Source information START

Definition srg_on (V : {set U}) (e : rel U) (n k lam mu : nat) : Prop :=
  [/\ #|V| = n,
      (forall x, x \in V -> #|[set y in V | e x y]| = k),
      (forall x y, x \in V -> y \in V -> x != y -> e x y ->
         #|[set z in V | e x z && e y z]| = lam) &
      (forall x y, x \in V -> y \in V -> x != y -> ~~ e x y ->
         #|[set z in V | e x z && e y z]| = mu)].

Definition is_clique (e : rel U) (A : {set U}) : bool :=
  [forall x in A, forall y in A, (x != y) ==> e x y].

Definition wcliques (e : rel U) (w : nat) : {set {set U}} :=
  [set A : {set U} | is_clique e A && (#|A| == w)].

Definition clique_regular (e : rel U) (w : nat) : Prop :=
  (exists x y, e x y) /\
  (forall x y, e x y ->
     #|[set A in wcliques e w | (x \in A) && (y \in A)]| = 1%N).

(* adjacency relation of the w-clique graph (on {set U}; its vertex set is wcliques e w) *)
Definition cgraph_rel : rel {set U} :=
  fun A B => (A != B) && (A :&: B != set0).

Definition adjmx (e : rel U) : 'M[algC]_#|U| :=
  \matrix_(i, j) (e (enum_val i) (enum_val j))%:R.

Definition adj_eigenvalue (e : rel U) (a : algC) : Prop := eigenvalue (adjmx e) a.

Definition nonboring (e : rel U) : Prop :=
  exists a b c : algC, adj_eigenvalue e a /\ adj_eigenvalue e b /\ adj_eigenvalue e c /\
                          a != b /\ b != c /\ a != c.
End Graphs.

From HB Require Import structures.
From mathcomp Require Import all_boot all_order all_algebra all_field.
From mathcomp Require Import ring zify.
Import Order.TTheory GRing.Theory Num.Theory.
Local Open Scope ring_scope.
Set Implicit Arguments. Unset Strict Implicit. Unset Printing Implicit Defensive.

(* Let N be the vertex-clique incidence matrix of Γ, B the adjacency matrix of
   C_ω(Γ) and c = k/(ω-1) the number of ω-cliques on a vertex, so that
   N Nᵀ = A + cI and Nᵀ N = B + ωI. Multiplying the identity
   (A - rI)(A - sI) = μJ by Nᵀ on the left and N on the right gives
   (P - (r+c)I)(P - (s+c)I)P = μω²J for P = Nᵀ N. If c = ω and s ≠ -c, then N
   is square and invertible and P can be cancelled; if s = -c, then
   Nᵀ((A - rI)N - (μ/c)J) is a real symmetric matrix with zero square, hence
   zero. Either way (B + (ω-r-c)I)(B + (ω-s-c)I) = (μω/c)J, so C_ω(Γ) is
   strongly regular. Conversely, if s ≠ -c and c ≠ ω, then A + cI is
   invertible, N has more columns than rows, and B has the three eigenvalues
   r + c - ω, s + c - ω and -ω besides its valency; but the other eigenvalues
   of a strongly regular graph are roots of a single quadratic. *)

Local Notation J := (const_mx 1).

Source information END

■ **What the task asks**:
Return word for word the lines above from the line with "Definition cgraph_rel : rel" to the line with "Definition adj_eigenvalue (e", including both and leaving out all others.

■ **Response**:
Definition cgraph_rel : rel {set U} :=
  fun A B => (A != B) && (A :&: B != set0).

Definition adjmx (e : rel U) : 'M[algC]_#|U| :=
  \matrix_(i, j) (e (enum_val i) (enum_val j))%:R.

Definition adj_eigenvalue (e : rel U) (a : algC) : Prop := eigenvalue (adjmx e) a.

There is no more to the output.